Your task —
Set down the records that follow in full and without changes.

Excerpts from a dataset:
▼

(* Let $n\ge2$, $K\ge1$, and write $\Phi_K=(P_{1,K},\dots,P_{n,K})\colon(\mathbb{C}^{n(n-1)/2})^K\to\mathbb{C}^n$. Then each $P_{k,K}$ is a polynomial that is no more than linear in each of the variables $z_{ij,l}$. Moreover, if $K$ is even, $P_{k,K}$ depends only on $Z_1,\dots,Z_{K-1}$ and the variables $z_{ij,K}$ with $1\le i<j\le k$ (in particular $P_{1,K}$ does not depend on $Z_K$); if $K$ is odd, $P_{k,K}$ depends only on $Z_1,\dots,Z_{K-1}$ and the variables $z_{ij,K}$ with $k\le j<i\le n$.
   Context: For $k$ even, $Z_k=(z_{ij,k})_{1\le i<j\le n}$ and $M_k(Z_k)$ is the upper triangular unipotent $n\times n$ matrix with entry $z_{ij,k}$ at $(i,j)$, $i<j$; for $k$ odd, $Z_k=(z_{ij,k})_{1\le j<i\le n}$ and $M_k(Z_k)$ is the lower triangular unipotent matrix with entry $z_{ij,k}$ at $(i,j)$, $i>j$. $\Psi_K(Z_1,\dots,Z_K)=M_1(Z_1)^{-1}\cdots M_K(Z_K)^{-1}$, $\pi_n$ maps a matrix to its last row, and $\Phi_K=\pi_n\circ\Psi_K$. A polynomial $p$ is no more than linear in a variable $x$ if $p=x\tilde p+\tilde q$ with $\tilde p,\tilde q$ polynomials independent of $x$. *)

From HB Require Import structures.
From mathcomp Require Import all_boot all_order all_algebra.
Set Implicit Arguments. Unset Strict Implicit. Unset Printing Implicit Defensive.
Import Order.TTheory GRing.Theory Num.Theory.
Local Open Scope ring_scope.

▲

Exercise solution —
(* Let $n\ge2$, $K\ge1$, and write $\Phi_K=(P_{1,K},\dots,P_{n,K})\colon(\mathbb{C}^{n(n-1)/2})^K\to\mathbb{C}^n$. Then each $P_{k,K}$ is a polynomial that is no more than linear in each of the variables $z_{ij,l}$. Moreover, if $K$ is even, $P_{k,K}$ depends only on $Z_1,\dots,Z_{K-1}$ and the variables $z_{ij,K}$ with $1\le i<j\le k$ (in particular $P_{1,K}$ does not depend on $Z_K$); if $K$ is odd, $P_{k,K}$ depends only on $Z_1,\dots,Z_{K-1}$ and the variables $z_{ij,K}$ with $k\le j<i\le n$.
   Context: For $k$ even, $Z_k=(z_{ij,k})_{1\le i<j\le n}$ and $M_k(Z_k)$ is the upper triangular unipotent $n\times n$ matrix with entry $z_{ij,k}$ at $(i,j)$, $i<j$; for $k$ odd, $Z_k=(z_{ij,k})_{1\le j<i\le n}$ and $M_k(Z_k)$ is the lower triangular unipotent matrix with entry $z_{ij,k}$ at $(i,j)$, $i>j$. $\Psi_K(Z_1,\dots,Z_K)=M_1(Z_1)^{-1}\cdots M_K(Z_K)^{-1}$, $\pi_n$ maps a matrix to its last row, and $\Phi_K=\pi_n\circ\Psi_K$. A polynomial $p$ is no more than linear in a variable $x$ if $p=x\tilde p+\tilde q$ with $\tilde p,\tilde q$ polynomials independent of $x$. *)

From HB Require Import structures.
From mathcomp Require Import all_boot all_order all_algebra.
Set Implicit Arguments. Unset Strict Implicit. Unset Printing Implicit Defensive.
Import Order.TTheory GRing.Theory Num.Theory.
Local Open Scope ring_scope.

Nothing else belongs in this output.